K7 Dialogue is an initiative from K7 Security that features interaction with cybersecurity experts and thought leaders to spread awareness and share real-world insight on how businesses can combat cyberthreats.

Sandeep Bansal has over 2 decades of experience in Information Technology and Information Security, and has led these functions in various organisations. He specialises in digital transformation, team management, stakeholder management, and cost optimisation.

1. How has the Indian education sector changed its approach to cybersecurity due to the pandemic and the increase in remote learning?

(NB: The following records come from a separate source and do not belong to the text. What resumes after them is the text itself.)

Definition compact_operator (K : numFieldType) (H Y : normedModType K)
    (T : H -> Y) : Prop :=
  relatively_compact (T @` [set x : H | `|x| <= 1]).

Definition theorem6_stmt (K : numFieldType) (conj : K -> K) : Prop :=
  forall (H : completeNormedModType K) (inner : H -> H -> K)
         (Y : completeNormedModType K) (T : {linear H -> Y}),
  is_inner_product conj inner ->
  [<-> compact_operator T;
       forall A : set H, orthonormal_set inner A -> relatively_compact (T @` A);
       forall u : nat -> H, orthonormal_seq inner u ->
         (fun n => `|T (u n)|) @ \oo --> (0 : K);
       forall A : set H, orthonormal_basis inner A ->
         forall eps : K, 0 < eps -> finite_set [set a | A a /\ eps <= `|T a|];
       forall A : set H, orthonormal_basis inner A -> relatively_compact (T @` A)].

From HB Require Import structures.
From mathcomp Require Import all_boot all_order all_algebra.
From mathcomp Require Import all_classical all_reals all_analysis.
From mathcomp Require Import complex.
Set Implicit Arguments. Unset Strict Implicit. Unset Printing Implicit Defensive.
Import Order.TTheory GRing.Theory Num.Theory.
Import numFieldNormedType.Exports.
Local Open Scope classical_set_scope.
Local Open Scope ring_scope.

(* The scalars are only assumed archimedean with a totally bounded unit ball,
   which covers R and R[i]; completeness of Y turns total boundedness into
   relative compactness.
   (i) -> (ii) and (v) -> (ii) are monotonicity of relative compactness, since
   orthonormal vectors have norm 1 and every orthonormal set extends (Zorn) to
   a basis. (iii) -> (iv): infinitely many a in A with eps <= |T a| would form
   an orthonormal sequence whose image is not null. (iv) -> (v): a set with
   finitely many points of norm >= eps is eps-close to a finite set.
   (ii) -> (iii) cannot use weak convergence, as T is not assumed bounded.
   Instead, if eps <= |T u_n| infinitely often, total boundedness of T(range u)
   yields infinitely many T u_n within eps/2 of a single z with |z| > eps/2;
   averaging (r+1)^2 of them, in disjoint blocks, with weight 1/(r+1) gives
   orthonormal w_r with |T w_r| >= (r+1)(|z| - eps/2), an unbounded image of
   an orthonormal set.
   (iii) -> (i): a maximal orthonormal set of unit vectors x with
   eps < |T x| is finite by (iii), and T is eps-small on its orthogonal
   complement, so the image of the unit ball is within eps of the totally
   bounded set of bounded combinations of the images of that finite set. *)

Section InnerProduct.
Variables (K : numFieldType) (conj : K -> K) (H : normedModType K)
  (inner : H -> H -> K).
Hypothesis inner_prod : is_inner_product conj inner.

Lemma innerDl x y z : inner (x + y) z = inner x z + inner y z.
Proof. by case: inner_prod => lin _ _; have := lin 1 x y z; rewrite scale1r mul1r. Qed.

Lemma inner0l z : inner 0 z = 0.
Proof. by apply: (@addrI _ (inner 0 z)); rewrite -innerDl !addr0. Qed.

Lemma innerZl a x z : inner (a *: x) z = a * inner x z.
Proof.
by case: inner_prod => lin _ _; have := lin a x 0 z; rewrite !addr0 inner0l addr0.
Qed.

Lemma innerBl x y z : inner (x - y) z = inner x z - inner y z.
Proof. by rewrite innerDl -scaleN1r innerZl mulN1r. Qed.

Lemma inner_suml (I : Type) (r : seq I) (P : pred I) (F : I -> H) z :
  inner (\sum_(i <- r | P i) F i) z = \sum_(i <- r | P i) inner (F i) z.
Proof. exact: (big_morph (inner^~ z) (fun x y => innerDl x y z) (inner0l z)). Qed.

Lemma inner_self x : inner x x = `|x| ^+ 2.
Proof. by case: inner_prod. Qed.

Lemma conj_inner_self x : conj (inner x x) = inner x x.
Proof. by case: inner_prod => _ sym _; rewrite -sym. Qed.

(* [conj] is arbitrary, so [inner] need not be additive in its second
   argument; orthogonality is nonetheless symmetric. *)
Lemma inner_eq0_sym x y : inner x y = 0 -> inner y x = 0.
Proof.
case: inner_prod => _ sym _ xy0.
by rewrite sym xy0 -(inner0l 0) conj_inner_self.
Qed.

Lemma pythagoras x y : inner x y = 0 -> `|x + y| ^+ 2 = `|x| ^+ 2 + `|y| ^+ 2.
Proof.
case: inner_prod => _ sym _ xy0; have yx0 := inner_eq0_sym xy0.
rewrite -inner_self innerDl (sym _ x) (sym _ y) !innerDl xy0 yx0 addr0 add0r.
by rewrite !conj_inner_self !inner_self.
Qed.

Lemma norm_le_add_orthogonal x y : inner x y = 0 -> `|x| <= `|x + y|.
Proof.
move=> xy0; rewrite -(ler_pXn2r (n := 2)) ?nnegrE // pythagoras //.
by rewrite lerDl exprn_ge0.
Qed.

Lemma norm_inner_le_unit x e : `|e| = 1 -> `|inner x e| <= `|x|.
Proof.
move=> e1; set c := inner x e.
have perp : inner (x - c *: e) e = 0.
  by rewrite innerBl innerZl inner_self e1 expr1n mulr1 subrr.
have := @norm_le_add_orthogonal (c *: e) (x - c *: e).
by rewrite innerZl (inner_eq0_sym perp) mulr0 addrC subrK normrZ e1 mulr1; apply.
Qed.

Lemma norm_eq1_inner x : inner x x = 1 -> `|x| = 1.
Proof. by rewrite inner_self => /eqP; rewrite sqrp_eq1 // => /eqP. Qed.

Lemma orthonormal_norm (A : set H) a : orthonormal_set inner A -> A a -> `|a| = 1.
Proof. by move=> onA Aa; apply: norm_eq1_inner; rewrite onA // eqxx. Qed.

Lemma orthonormal_setU1 (A : set H) x : orthonormal_set inner A -> `|x| = 1 ->
  (forall a, A a -> inner x a = 0) -> orthonormal_set inner (A `|` [set x]).
Proof.
move=> onA x1 xA; have xx1 : inner x x = 1 by rewrite inner_self x1 expr1n.
have xNA : ~ A x by move=> /xA; rewrite xx1 => /eqP; rewrite oner_eq0.
move=> a b [Aa|->] [Ab|->]; first exact: onA.
- by rewrite (inner_eq0_sym (xA a Aa)); case: eqP => // ax; rewrite -ax in xNA.
- by rewrite xA //; case: eqP => // xb; rewrite xb in xNA.
- by rewrite eqxx.
Qed.

Lemma orthonormal_seq_inj (A : set H) (u : nat -> H) :
  orthonormal_set inner A -> (forall n, A (u n)) -> injective u ->
  orthonormal_seq inner u.
Proof. by move=> onA Au u_inj i j; rewrite onA // (inj_eq u_inj). Qed.

Lemma orthonormal_seq_comp (u : nat -> H) (m : nat -> nat) :
  orthonormal_seq inner u -> injective m -> orthonormal_seq inner (u \o m).
Proof. by move=> onu m_inj i j; rewrite /= onu (inj_eq m_inj). Qed.

Lemma orthonormal_set_range (u : nat -> H) :
  orthonormal_seq inner u -> orthonormal_set inner (range u).
Proof.
move=> onu _ _ [i _ <-] [j _ <-]; rewrite onu.
have [<-|ij] := eqVneq i j; first by rewrite eqxx.
case: eqP => // uij; have := onu j j; rewrite -{1}uij onu (negbTE ij) eqxx.
by move=> /esym/eqP; rewrite oner_eq0.
Qed.

Lemma maximal_orthonormal_set (Q A : set H) :
  A `<=` Q -> orthonormal_set inner A ->
  exists B, [/\ A `<=` B, B `<=` Q, orthonormal_set inner B &
    forall x, Q x -> `|x| = 1 -> (forall b, B b -> inner x b = 0) -> B x].
Proof.
move=> AQ onA.
pose P X := X `<=` Q /\ orthonormal_set inner (A `|` X).
have chainP (F : set (set H)) : F `<=` P -> total_on F subset ->
    P (\bigcup_(X in F) X).
  move=> FP Ftot; split=> [x [X /FP[XQ _] /XQ]//|].
  have inA_or_F x : (A `|` \bigcup_(X in F) X) x ->
      A x \/ exists2 X, F X & X x.
    by case=> [|[X FX Xx]]; [left|right; exists X].
  move=> x y /inA_or_F[Ax|[X FX Xx]] /inA_or_F[Ay|[Y FY Yy]].
  - exact: onA.
  - by have [_ onY] := FP Y FY; apply: onY; [left|right].
  - by have [_ onX] := FP X FX; apply: onX; [right|left].
  - have [XY|YX] := Ftot X Y FX FY.
      by have [_ onY] := FP Y FY; apply: onY; right => //; apply: XY.
    by have [_ onX] := FP X FX; apply: onX; right => //; apply: YX.
have [X [[XQ onAX] Xmax]] := Zorn_bigcup chainP.
exists (A `|` X); split=> //; first by move=> x [/AQ|/XQ].
move=> x Qx x1 xB; apply: contrapT => xNB.
apply: (Xmax (X `|` [set x])); rewrite /P.
  split=> [|XxX]; first exact: subsetUl.
  by apply: xNB; right; apply: XxX; right.
split=> [y [/XQ//|->//]|].
by rewrite setUA; apply: orthonormal_setU1.
Qed.

Lemma orthonormal_basis_ext (A : set H) : orthonormal_set inner A ->
  exists2 B, A `<=` B & orthonormal_basis inner B.
Proof.
move=> onA; have [B [AB _ onB Bmax]] := maximal_orthonormal_set (subsetT A) onA.
exists B => //; split=> // x xB; apply/eqP; apply: contraT => x0.
pose e := `|x|^-1 *: x.
have eB b : B b -> inner e b = 0 by move=> Bb; rewrite innerZl xB // mulr0.
have /eB : B e by apply: Bmax => //; exact: normfZV.
by rewrite inner_self normfZV // expr1n => /eqP; rewrite oner_eq0.
Qed.

Definition orth_proj (s : seq H) (x : H) := \sum_(b <- s) inner x b *: b.

Section OrthogonalProjection.
Variable s : seq H.
Hypotheses (s_uniq : uniq s) (s_on : orthonormal_set inner [set` s]).

Lemma inner_sub_orth_proj x b : b \in s -> inner (x - orth_proj s x) b = 0.
Proof.
move=> sb; rewrite innerBl inner_suml (bigD1_seq b) //= big_seq_cond.
rewrite big1 => [|c /andP[sc cb]].
  by rewrite innerZl (s_on sb sb) eqxx mulr1 addr0 subrr.
by rewrite innerZl (s_on sc sb) (negbTE cb) mulr0.
Qed.

Lemma norm_sub_orth_proj_le x : `|x - orth_proj s x| <= `|x|.
Proof.
have := @norm_le_add_orthogonal (x - orth_proj s x) (orth_proj s x).
rewrite subrK; apply; apply: inner_eq0_sym.
rewrite inner_suml big_seq big1 // => b sb.
by rewrite innerZl (inner_eq0_sym (inner_sub_orth_proj x sb)) mulr0.
Qed.

End OrthogonalProjection.

Section OrthonormalSums.
Variable u : nat -> H.
Hypothesis u_on : orthonormal_seq inner u.

Lemma inner_sum_orthonormal_l (s : seq nat) j : j \notin s ->
  inner (\sum_(i <- s) u i) (u j) = 0.
Proof.
move=> jNs; rewrite inner_suml big_seq big1 // => i si.
by rewrite u_on; case: eqP => // ij; rewrite -ij si in jNs.
Qed.

Lemma inner_sum_orthonormal (s t : seq nat) : {in s & t, forall i j, i != j} ->
  inner (\sum_(i <- s) u i) (\sum_(j <- t) u j) = 0.
Proof.
move=> st; rewrite inner_suml big_seq big1 // => i si.
apply/inner_eq0_sym/inner_sum_orthonormal_l.
by apply/negP => /(st i i si); rewrite eqxx.
Qed.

We believe that education has been the most impacted vertical during the pandemic. Around the world, it has been almost 2 years since education has gone from a physical to virtual platform. The learning and teaching process has faced a lot of challenges. Neither students nor trainers were ready and equipped for this new challenge.

Institutions had to take an overnight decision to build technology capabilities in their present infrastructure. This unplanned design of IT Infrastructure at many institutions has served as an invitation to hackers and data security has become a big issue.

IT and Data Security have not been given preference and importance in educational institutions. There has been a lack of IT support staff with good knowledge of security practices in IT operations. Due to this, many institutions have become vulnerable and the education sector has been targeted with Malware, Spyware, Phishing, and Ransomware attacks. We have fought these attacks every other day by securing our firewalls, refining network policies, implementing security best practices across Physical and Cloud Infrastructure, and defining data backup policies with redundancy. We have been able to survive the nightmare of ransomware attacks that have occurred in the last couple of months.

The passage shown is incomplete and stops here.